From Finschhafen, it was a leap of less than fifty miles across the Vitiaz
Strait to Cape Gloucester, the western extremity of New Britain. Though the chiefs had decreed that Rabaul (on New Britain's opposite end) was to be bypassed, MacArthur wanted to capture the smaller enemy aerodromes on the western side of that island. Lieutenant General Walter Krueger's Alamo Force landed a regiment at Arawe, a village on the southern coast, on December 15. The landing was a diversionary feint, intended to draw the enemy away from Cape Gloucester. The 1st Marine Division, proud veterans of Guadalcanal who had replenished their strength and spirits in Melbourne, stormed the beaches of Cape Gloucester on December 26, 1943. The weakly defended enemy airfields of western New Britain were quickly secured. Surviving Japanese forces retreated toward Rabaul and prepared for what they assumed would be the largest land battle of the South Pacific campaign.

As an airbase, Rabaul had been very nearly neutered by unrelenting air attacks. But with units streaming into the lines from points west, Japanese troop strength approached 100,000. Surrender was beneath consideration, of course, so the garrison began to prepare for a climactic fight to the last man. Defeat might be inevitable, but it would be honorable. Heaven beckoned—they would sell their lives dearly, and take plenty of American soldiers and marines with them. For almost two years the Japanese had been building and improving their defensive fortifications, their intricate networks of subterranean bunkers and tunnels, and they were well stocked with provisions and ammunition for a long siege.

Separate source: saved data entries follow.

Lemma distr_lift_subst_rec N M n p k :
  p <= k -> lift_rec n k (subst_rec N M p) =
            subst_rec (lift_rec n (k - p) N) (lift_rec n (S k) M) p.
Proof.
  revert n p k; induction M; intros; simpl; auto.
  - case_index; try (f_equal; lia).
    unfold lift; rewrite (permute_lift_rec N n0 (k - p) p 0) by lia.
    now replace (p + (k - p)) with k by lia.
  - rewrite IHM1, IHM2; auto.
  - rewrite IHM1, IHM2 by lia; repeat f_equal; lia.
  - rewrite IHM1, IHM2 by lia; repeat f_equal; lia.
Qed.

Lemma distr_subst_rec P N M k n :
  subst_rec P (subst_rec N M k) (k + n) =
  subst_rec (subst_rec P N n) (subst_rec P M (S (k + n))) k.
Proof.
  revert k; induction M; intros; simpl; auto.
  - case_index; try (f_equal; lia); subst; unfold lift.
    + now rewrite commute_lift_subst_rec by lia.
    + now rewrite simpl_subst_rec by lia.
  - now rewrite IHM1, IHM2.
  - rewrite IHM1; f_equal; apply (IHM2 (S k)).
  - rewrite IHM1; f_equal; apply (IHM2 (S k)).
Qed.

Lemma lift_rec_subst N M n k :
  lift_rec n k (subst N M) = subst (lift_rec n k N) (lift_rec n (S k) M).
Proof.
  unfold subst; rewrite distr_lift_subst_rec by lia; now rewrite Nat.sub_0_r.
Qed.

Lemma subst_rec_subst P N M k :
  subst_rec P (subst N M) k = subst (subst_rec P N k) (subst_rec P M (S k)).
Proof. exact (distr_subst_rec P N M 0 k). Qed.

Lemma lift_rec_lift1 M n : lift_rec 1 (S n) (lift 1 M) = lift 1 (lift_rec 1 n M).
Proof. unfold lift; now rewrite (permute_lift_rec M 1 n 1 0) by lia. Qed.

Lemma simpl_subst_lift1 N M : subst_rec N (lift 1 M) 0 = M.
Proof. unfold lift; rewrite simpl_subst_rec by lia; apply lift_rec0. Qed.

Lemma subst_rec_lift1 N M n :
  subst_rec N (lift 1 M) (S n) = lift 1 (subst_rec N M n).
Proof. unfold lift; now rewrite (commute_lift_subst_rec N M 1 n 0) by lia. Qed.

Lemma lift1_lift M n : lift 1 (lift n M) = lift (S n) M.
Proof. unfold lift; now rewrite simpl_lift_rec by lia. Qed.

So they waited. And waited. And waited. And the Americans did not come. The defenders were denied even the consolation of dying for the emperor. A Japanese intelligence officer interviewed after the war admitted that the Japanese “hated” the leapfrogging strategy, perhaps because it offended their sense of honor; but he added that they respected it and understood its wisdom. “The Japanese Army preferred direct assault, after the German fashion, but the Americans flowed into our weaker points and submerged us, just as water seeks the weakest entry to sink a ship.”
41

The weak points, in this case, were the lightly garrisoned island groups north and west of New Britain. MacArthur and Halsey seized and secured a ring of bases around Rabaul that rendered the once-formidable bastion entirely impotent. Nor would Kavieng, Rabaul's principal satellite naval base on New Ireland, fall to direct assault. In February 1944, Halsey's Third Amphibious Force put New Zealand troops ashore on the Green
Islands, about midway between Bougainville and New Ireland. Then, in mid-March, the Third Amphibious Force leapt all the way north to Emirau Island, seventy miles northwest of Kavieng, in the Bismarck Archipelago. “The only casualty we had was some marine sprained his ankle jumping out of the boat,” said Carney. “But it placed us athwart their line of communication from Truk or from the westward. And from that time on, Kavieng was a dead bird. They stayed there and rotted.”
42
Carney added that leapfrogging destabilized the psychology and morale of the Japanese fighting forces. “Once the Japanese had launched a plan,” he remarked, “he apparently had no alternative plan, because in his mentality, in his psychology, there could be no such thing as failure. There could be no such thing as turning back, once committed.” When the Americans went around a Japanese position, rather than attacking it directly, “his whole military campaigning morale collapsed.”